Re: [petsc-users] [SLEPc] Number of iterations changes with MPI processes in Lanczos

2018-10-23 Thread Jose E. Roman



> El 23 oct 2018, a las 15:46, Ale Foggia  escribió:
> 
> 
> 
> El mar., 23 oct. 2018 a las 15:33, Jose E. Roman () 
> escribió:
> 
> 
> > El 23 oct 2018, a las 15:17, Ale Foggia  escribió:
> > 
> > Hello Jose, thanks for your answer.
> > 
> > El mar., 23 oct. 2018 a las 12:59, Jose E. Roman () 
> > escribió:
> > There is an undocumented option:
> > 
> >   -bv_reproducible_random
> > 
> > It will force the initial vector of the Krylov subspace to be the same 
> > irrespective of the number of MPI processes. This should be used for 
> > scaling analyses as the one you are trying to do.
> > 
> > What about when I'm not doing the scaling? Now I would like to ask for 
> > computing time for bigger size problems, should I also use this option in 
> > that case? Because, what happens if I have a "bad" configuration?

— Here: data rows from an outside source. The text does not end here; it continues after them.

(* Fix device $n$, a slot $t$ in frame $k$ with freezing percentage $\gamma_n^k\in[0,1]$, control parameter $V\ge0$, queue value $Q_n^{kT}>0$ and observed channel gain $h_n^t>0$, and assume $\tau_n^{\mathrm{cmp},t}<\tau_0$. Consider the per-slot problem $\min_{0\le p_n^t\le\overline{P}_n}\ VX_n^t+Q_n^{kT}E_n^t$. An optimal transmit power is $$p_n^{t,*}=\begin{cases}p_{n,\min}^t,&\text{if }p_{n,\min}^t\le p_{n,\max}^k,\\0,&\text{otherwise,}\end{cases}$$ where $$p_{n,\min}^t=\frac{N_0}{h_n^t}\Big(2^{\frac{(1-\gamma_n^k)S}{W(\tau_0-\tau_n^{\mathrm{cmp},t})}}-1\Big),\qquad p_{n,\max}^k=\Big[\frac{(VB_n\lambda-e_n^{\mathrm{cmp}}Q_n^{kT})(1-\gamma_n^k)}{Q_n^{kT}(\tau_0-\tau_n^{\mathrm{cmp},k})}\Big]_0^{\overline{P}_n},$$ with $[x]_a^b=\min\{\max\{x,a\},b\}$, $e_n^{\mathrm{cmp}}=\frac{\alpha_nc_nB_nf_n^2}{2}$, and $\tau_n^{\mathrm{cmp},k}=\tau_n^{\mathrm{cmp},t}$ the (frame-constant) computation latency.
   Context: Device $n$ with $B_n$ training samples, CPU frequency $f_n$, $c_n$ cycles per sample and effective capacitance $\alpha_n$ trains with a fraction $\gamma_n^k$ of its parameters frozen: computation latency $\tau_n^{\mathrm{cmp},t}=(1-\gamma_n^k)c_nB_n/f_n$ and computation energy $E_n^{\mathrm{cmp},t}=\frac{\alpha_n}{2}(1-\gamma_n^k)c_nB_nf_n^2$. With transmit power $p$, bandwidth $W$, noise power $N_0$, channel gain $h_n^t$, the rate is $r=W\log_2(1+ph_n^t/N_0)$, upload latency $\tau_n^{\mathrm{com},t}=(1-\gamma_n^k)S/r$ and communication energy $E_n^{\mathrm{com},t}=p(1-\gamma_n^k)S/r$, where $S$ is the full gradient size in bits. The upload succeeds ($\mathbb{1}_n^t=1$) iff $\tau_n^{\mathrm{cmp},t}+\tau_n^{\mathrm{com},t}\le\tau_0$ for a per-round latency $\tau_0$; $\overline{P}_n$ is the peak power. The penalty is $X_n^t=\lambda\mathbb{1}_n^tB_n(\gamma_n^k-1)$ with constant $\lambda>0$. For $p>0$ the energy is $E_n^t=E_n^{\mathrm{cmp},t}+E_n^{\mathrm{com},t}$; choosing $p=0$ means the device drops out of training in this slot, so $\mathbb{1}_n^t=0$, $X_n^t=0$ and $E_n^t=0$. *)

From Stdlib Require Import Reals.
Open Scope R_scope.

(* Static system parameters of device n (frame/slot indices are fixed). *)
Record Params := mkParams {
  p_B : R;      (* number of training samples B_n *)
  p_f : R;      (* CPU frequency f_n *)
  p_c : R;      (* cycles per sample c_n *)
  p_alpha : R;  (* effective capacitance alpha_n *)
  p_W : R;      (* bandwidth *)
  p_N0 : R;     (* noise power *)
  p_S : R;      (* full gradient size in bits *)
  p_tau0 : R;   (* per-round latency *)
  p_Pbar : R;   (* peak power *)
  p_lam : R
}.

Definition log2 (x : R) : R := ln x / ln 2.

Definition rate (P : Params) (p h : R) : R := p_W P * log2 (1 + p * h / p_N0 P).

Definition tau_cmp (P : Params) (g : R) : R := (1 - g) * p_c P * p_B P / p_f P.
Definition E_cmp (P : Params) (g : R) : R :=
  p_alpha P / 2 * (1 - g) * p_c P * p_B P * (p_f P) ^ 2.

Definition tau_com (P : Params) (g p h : R) : R := (1 - g) * p_S P / rate P p h.
Definition E_com (P : Params) (g p h : R) : R := p * (1 - g) * p_S P / rate P p h.

Definition indic (P : Params) (g p h : R) : R :=
  if Rle_dec (tau_cmp P g + tau_com P g p h) (p_tau0 P) then 1 else 0.

(* penalty X and energy E; p = 0 means dropping out: indicator 0, X = 0, E = 0 *)
Definition Xpen (P : Params) (g p h : R) : R :=
  if Req_EM_T p 0 then 0 else p_lam P * indic P g p h * p_B P * (g - 1).
Definition Energy (P : Params) (g p h : R) : R :=
  if Req_EM_T p 0 then 0 else E_cmp P g + E_com P g p h.

Definition obj (P : Params) (V Q g h p : R) : R :=
  V * Xpen P g p h + Q * Energy P g p h.

Definition clip (x a b : R) : R := Rmin (Rmax x a) b.

Definition e_cmp (P : Params) : R := p_alpha P * p_c P * p_B P * (p_f P) ^ 2 / 2.

Definition p_min (P : Params) (g h : R) : R :=
  p_N0 P / h * (Rpower 2 ((1 - g) * p_S P / (p_W P * (p_tau0 P - tau_cmp P g))) - 1).

Definition p_max (P : Params) (V Q g : R) : R :=
  clip ((V * p_B P * p_lam P - e_cmp P * Q) * (1 - g) / (Q * (p_tau0 P - tau_cmp P g)))
       0 (p_Pbar P).

Definition p_opt (P : Params) (V Q g h : R) : R :=
  if Rle_dec (p_min P g h) (p_max P V Q g) then p_min P g h else 0.

From Stdlib Require Import Reals Lra Psatz.
Open Scope R_scope.

(* Once the device transmits with p > 0, the upload succeeds exactly when the
   rate reaches (1 - g) S / (tau0 - tau_cmp), i.e. exactly when p >= p_min, so
   the penalty is a step at p_min.  The energy is increasing in p, because
   p / log(1 + k p) is nondecreasing (concavity of the logarithm).  Hence on
   (0, p_min) the objective is nonnegative (no reward, only energy) and on
   [p_min, Pbar] it is minimised at p_min, where it equals
   Q (tau0 - tau_cmp) (p_min - x) with x the unclipped expression inside p_max.
   The best choice is therefore p_min when p_min <= x and p_min <= Pbar, and
   dropping out (p = 0, objective 0) otherwise. *)

Lemma ln_gt_0 x : 1 < x -> 0 < ln x.
Proof. intro Hx; rewrite <- ln_1; apply ln_increasing; lra. Qed.

Lemma div_le_swap x y z : 0 < y -> 0 < z -> x / y <= z -> x / z <= y.
Proof.
  intros Hy Hz H.
  assert (x / y * y = x) by (field; lra).
  assert (x / z * z = x) by (field; lra).
  nra.
Qed.

Lemma div_le_swap_iff x y z : 0 < y -> 0 < z -> x / y <= z <-> x / z <= y.
Proof. intros Hy Hz; split; apply div_le_swap; assumption. Qed.

Lemma exp_sub1_ratio_le u v : 0 < u -> u <= v -> v * (exp u - 1) <= u * (exp v - 1).
Proof.
  intros Hu Huv.
  assert (Htangent_u : exp u * (1 + (v - u)) <= exp v).
  { replace (exp v) with (exp u * exp (v - u)) by (rewrite <- exp_plus; f_equal; ring).
    apply Rmult_le_compat_l; [apply Rlt_le, exp_pos | apply exp_ineq1_le]. }
  assert (Htangent_0 : exp u - 1 <= u * exp u).
  { assert (Hinv : exp u * exp (- u) = 1)
      by (rewrite <- exp_plus, <- exp_0; f_equal; ring).
    pose proof (exp_ineq1_le (- u)); pose proof (exp_pos u); nra. }
  nra.
Qed.

Lemma ln_1p_ratio_le k p1 p2 : 0 < k -> 0 < p1 -> p1 <= p2 ->
  p1 * ln (1 + p2 * k) <= p2 * ln (1 + p1 * k).
Proof.
  intros Hk Hp1 Hp12.
  assert (Hu : 0 < ln (1 + p1 * k)) by (apply ln_gt_0; nra).
  assert (Huv : ln (1 + p1 * k) <= ln (1 + p2 * k)).
  { destruct (Req_dec p1 p2) as [<-|Hne]; [lra|].
    apply Rlt_le, ln_increasing; nra. }
  pose proof (exp_sub1_ratio_le _ _ Hu Huv) as Hexp.
  rewrite !exp_ln in Hexp by nra.
  nra.
Qed.

Lemma le_clip0_iff y x b : 0 < y -> y <= clip x 0 b <-> y <= x /\ y <= b.
Proof. intro Hy; unfold clip, Rmin, Rmax; repeat destruct Rle_dec; lra. Qed.

Section Rate.

Variables (P : Params) (h : R).
Hypotheses (HW : 0 < p_W P) (HN0 : 0 < p_N0 P) (Hh : 0 < h).

Lemma rate_0 : rate P 0 h = 0.
Proof. unfold rate, log2; rewrite Rmult_0_l, Rdiv_0_l, Rplus_0_r, ln_1, Rdiv_0_l; ring. Qed.

Lemma rate_lt p1 p2 : 0 <= p1 -> p1 < p2 -> rate P p1 h < rate P p2 h.
Proof.
  intros Hp1 Hp12; unfold rate, log2.
  pose proof (ln_gt_0 2 ltac:(lra)).
  apply Rmult_lt_compat_l; [lra|].
  apply Rmult_lt_compat_r; [apply Rinv_0_lt_compat; lra|].
  assert (p1 * h / p_N0 P < p2 * h / p_N0 P).
  { apply Rmult_lt_compat_r; [apply Rinv_0_lt_compat; lra | nra]. }
  assert (0 <= p1 * h / p_N0 P) by (apply Rmult_le_pos; [nra | left; apply Rinv_0_lt_compat; lra]).
  apply ln_increasing; lra.
Qed.

Lemma rate_pos p : 0 < p -> 0 < rate P p h.
Proof. intro Hp; rewrite <- rate_0; apply rate_lt; lra. Qed.

Lemma rate_le_iff p1 p2 : 0 <= p1 -> 0 <= p2 -> rate P p1 h <= rate P p2 h <-> p1 <= p2.
Proof.
  intros Hp1 Hp2; split; intro H.
  - destruct (Rlt_le_dec p2 p1) as [Hlt|]; [|assumption].
    pose proof (rate_lt _ _ Hp2 Hlt); lra.
  - destruct H as [Hlt|<-]; [left; apply rate_lt|]; lra.
Qed.

Lemma div_rate_le p1 p2 : 0 < p1 -> p1 <= p2 -> p1 / rate P p1 h <= p2 / rate P p2 h.
Proof.
  intros Hp1 Hp12.
  set (k := h / p_N0 P).
  assert (Hk : 0 < k) by (apply Rdiv_lt_0_compat; lra).
  pose proof (ln_gt_0 2 ltac:(lra)) as Hln2.
  assert (Hrate : forall p, rate P p h = p_W P / ln 2 * ln (1 + p * k)).
  { intro p; unfold rate, log2, k.
    replace (p * h / p_N0 P) with (p * (h / p_N0 P)) by (unfold Rdiv; ring).
    field; lra. }
  rewrite !Hrate.
  assert (HL1 : 0 < ln (1 + p1 * k)) by (apply ln_gt_0; nra).
  assert (HL2 : 0 < ln (1 + p2 * k)) by (apply ln_gt_0; nra).
  pose proof (ln_1p_ratio_le k p1 p2 Hk Hp1 Hp12) as Hcross.
  replace (p1 / (p_W P / ln 2 * ln (1 + p1 * k)))
    with (ln 2 / p_W P * (p1 * ln (1 + p2 * k)) / (ln (1 + p1 * k) * ln (1 + p2 * k)))
    by (field; lra).
  replace (p2 / (p_W P / ln 2 * ln (1 + p2 * k)))
    with (ln 2 / p_W P * (p2 * ln (1 + p1 * k)) / (ln (1 + p1 * k) * ln (1 + p2 * k)))
    by (field; lra).
  apply Rmult_le_compat_r; [left; apply Rinv_0_lt_compat; nra|].
  apply Rmult_le_compat_l; [left; apply Rdiv_lt_0_compat|]; lra.
Qed.

Variable g : R.
Hypothesis Htau : tau_cmp P g < p_tau0 P.

Lemma rate_p_min :
  rate P (p_min P g h) h = (1 - g) * p_S P / (p_tau0 P - tau_cmp P g).
Proof.
  unfold rate, log2, p_min.
  replace (1 + p_N0 P / h * (Rpower 2 ((1 - g) * p_S P / (p_W P * (p_tau0 P - tau_cmp P g))) - 1)
           * h / p_N0 P)
    with (Rpower 2 ((1 - g) * p_S P / (p_W P * (p_tau0 P - tau_cmp P g))))
    by (field; lra).
  rewrite ln_Rpower.
  pose proof (ln_gt_0 2 ltac:(lra)).
  field; lra.
Qed.

Hypotheses (HS : 0 < p_S P) (Hg : g < 1).

Lemma p_min_pos : 0 < p_min P g h.
Proof.
  unfold p_min.
  assert (Hexponent : 0 < (1 - g) * p_S P / (p_W P * (p_tau0 P - tau_cmp P g)))
    by (apply Rdiv_lt_0_compat; nra).
  pose proof (Rpower_lt 2 _ _ ltac:(lra) Hexponent) as H2.
  rewrite Rpower_O in H2 by lra.
  apply Rmult_lt_0_compat; [apply Rdiv_lt_0_compat|]; lra.
Qed.

Lemma upload_in_time_iff p : 0 < p ->
  tau_cmp P g + tau_com P g p h <= p_tau0 P <-> p_min P g h <= p.
Proof.
  intro Hp.
  pose proof p_min_pos.
  rewrite <- (rate_le_iff (p_min P g h) p) by lra.
  rewrite rate_p_min.
  unfold tau_com.
  rewrite <- div_le_swap_iff by (try apply rate_pos; lra).
  lra.
Qed.

Lemma indic_in_time p : p_min P g h <= p -> indic P g p h = 1.
Proof.
  intro Hp; pose proof p_min_pos.
  unfold indic; destruct Rle_dec as [|Hout]; [reflexivity|].
  exfalso; apply Hout, upload_in_time_iff; lra.
Qed.

Lemma indic_late p : 0 < p -> p < p_min P g h -> indic P g p h = 0.
Proof.
  intros Hp0 Hp.
  unfold indic; destruct Rle_dec as [Hin|]; [|reflexivity].
  apply upload_in_time_iff in Hin; lra.
Qed.

End Rate.

Lemma p_min_fully_frozen P h : p_min P 1 h = 0.
Proof.
  unfold p_min; rewrite Rminus_diag, !Rmult_0_l, Rdiv_0_l, Rpower_O by lra; ring.
Qed.

Definition p_max_unclipped (P : Params) (V Q g : R) : R :=
  (V * p_B P * p_lam P - e_cmp P * Q) * (1 - g) / (Q * (p_tau0 P - tau_cmp P g)).

Lemma p_max_clip P V Q g : p_max P V Q g = clip (p_max_unclipped P V Q g) 0 (p_Pbar P).
Proof. reflexivity. Qed.

Lemma e_cmp_pos P : 0 < p_alpha P -> 0 < p_c P -> 0 < p_B P -> 0 < p_f P -> 0 < e_cmp P.
Proof.
  intros; unfold e_cmp.
  assert (0 < p_f P ^ 2) by (apply pow_lt; lra).
  apply Rdiv_lt_0_compat; [repeat apply Rmult_lt_0_compat|]; lra.
Qed.

Section Objective.

Variables (P : Params) (V Q g h : R).

Lemma obj_0 : obj P V Q g h 0 = 0.
Proof. unfold obj, Xpen, Energy; destruct Req_EM_T; [ring | congruence]. Qed.

Lemma obj_transmit p : p <> 0 ->
  obj P V Q g h p = (1 - g) * (Q * e_cmp P + Q * p_S P * (p / rate P p h)
                               - V * p_lam P * p_B P * indic P g p h).
Proof.
  intro Hp; unfold obj, Xpen, Energy, E_cmp, E_com, e_cmp.
  destruct Req_EM_T; [contradiction|].
  unfold Rdiv; ring.
Qed.

Lemma obj_fully_frozen p : obj P V Q 1 h p = 0.
Proof.
  unfold obj, Xpen, Energy, E_cmp, E_com; destruct Req_EM_T; [ring|].
  unfold Rdiv; ring.
Qed.

Hypotheses (HW : 0 < p_W P) (HN0 : 0 < p_N0 P) (Hh : 0 < h) (HS : 0 < p_S P)
  (Hg : g < 1) (Htau : tau_cmp P g < p_tau0 P).

Lemma obj_nonneg_below_p_min p : 0 <= Q -> 0 <= e_cmp P ->
  0 <= p < p_min P g h -> 0 <= obj P V Q g h p.
Proof.
  intros HQ He [Hp0 Hp].
  destruct (Req_dec p 0) as [->|Hne]; [rewrite obj_0; lra|].
  rewrite obj_transmit, indic_late by lra.
  assert (0 <= p / rate P p h) by (left; apply Rdiv_lt_0_compat; [|apply rate_pos]; lra).
  assert (0 <= Q * p_S P * (p / rate P p h)) by (apply Rmult_le_pos; nra).
  assert (0 <= Q * e_cmp P) by nra.
  nra.
Qed.

Lemma obj_ge_p_min p : 0 <= Q -> p_min P g h <= p ->
  obj P V Q g h (p_min P g h) <= obj P V Q g h p.
Proof.
  intros HQ Hp.
  pose proof (p_min_pos P h HW HN0 Hh g Htau HS Hg) as Hpm.
  rewrite !obj_transmit, !indic_in_time by lra.
  pose proof (div_rate_le P h HW HN0 Hh _ _ Hpm Hp).
  assert (0 <= Q * p_S P) by nra.
  apply Rmult_le_compat_l; [lra|].
  apply Rplus_le_compat_r, Rplus_le_compat_l, Rmult_le_compat_l; assumption.
Qed.

Lemma obj_p_min : 0 < Q ->
  obj P V Q g h (p_min P g h) =
  Q * (p_tau0 P - tau_cmp P g) * (p_min P g h - p_max_unclipped P V Q g).
Proof.
  intro HQ.
  pose proof (p_min_pos P h HW HN0 Hh g Htau HS Hg).
  rewrite obj_transmit, indic_in_time, rate_p_min by lra.
  unfold p_max_unclipped; field; lra.
Qed.

End Objective.

Theorem proposition1 (prm : Params) (V Q g h : R) :
  0 < p_B prm -> 0 < p_f prm -> 0 < p_c prm -> 0 < p_alpha prm -> 0 < p_W prm -> 0 < p_N0 prm ->
  0 < p_S prm -> 0 < p_Pbar prm -> 0 < p_lam prm ->
  0 <= g <= 1 -> 0 <= V -> 0 < Q -> 0 < h ->
  tau_cmp prm g < p_tau0 prm ->
  (0 <= p_opt prm V Q g h <= p_Pbar prm) /\
  (forall p, 0 <= p <= p_Pbar prm -> obj prm V Q g h (p_opt prm V Q g h) <= obj prm V Q g h p).
Proof.
  intros HB Hf Hc Ha HW HN0 HS HP Hl Hg HV HQ Hh Htau.
  destruct (Req_dec g 1) as [->|Hg1].
  { assert (Hdrop : p_opt prm V Q 1 h = 0)
      by (unfold p_opt; rewrite p_min_fully_frozen; destruct Rle_dec; reflexivity).
    rewrite Hdrop; split; [lra|].
    intros p _; rewrite !obj_fully_frozen; lra. }
  assert (Hpm : 0 < p_min prm g h) by (apply p_min_pos; lra).
  pose proof (e_cmp_pos prm Ha Hc HB Hf) as He.
  assert (HD : 0 < Q * (p_tau0 prm - tau_cmp prm g)) by nra.
  unfold p_opt; rewrite p_max_clip.
  destruct Rle_dec as [Hle|Hgt]; [rewrite le_clip0_iff in Hle by lra|];
    split; try lra; intros p Hp.
  - destruct (Rlt_le_dec p (p_min prm g h)).
    + apply Rle_trans with 0; [rewrite obj_p_min by lra; nra|].
      apply obj_nonneg_below_p_min; try split; lra.
    + apply obj_ge_p_min; lra.
  - rewrite le_clip0_iff in Hgt by lra; rewrite obj_0.
    destruct (Rlt_le_dec p (p_min prm g h)).
    + apply obj_nonneg_below_p_min; try split; lra.
    + assert (Hunprofitable : p_max_unclipped prm V Q g < p_min prm g h).
      { destruct (Rlt_le_dec (p_max_unclipped prm V Q g) (p_min prm g h)); [assumption|].
        exfalso; apply Hgt; split; lra. }
      apply Rle_trans with (obj prm V Q g h (p_min prm g h)); [rewrite obj_p_min by lra; nra|].
      apply obj_ge_p_min; lra.
Qed.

Meaning, 
> > I ask for some time, enough if I take into account the "correct" scaling, 
> > but when I run it takes double the time/iterations, like it happened before 
> > when changing from 960 to 1024 processes?
> 
> When you increase the matrix size the spectrum of the matrix changes and 
> probably also the convergence, so the computation time is not easy to predict 
> in advance.
> 
> Okey, I'll keep that in mine. I thought that, even if the spectrum changes, 
> if I had a behaviour/tendency for 6 or 7 smaller cases I could predict more 
> or less the time. It was working this way until I found this "iterations 
> problem" which doubled the time of execution for the same size problem. To be 
> completely sure, do you suggest me or not to use this run-time option when 
> going in production? Can you elaborate a bit in the effect this option? Is 
> the (huge) difference I got in the number of iterations something expected?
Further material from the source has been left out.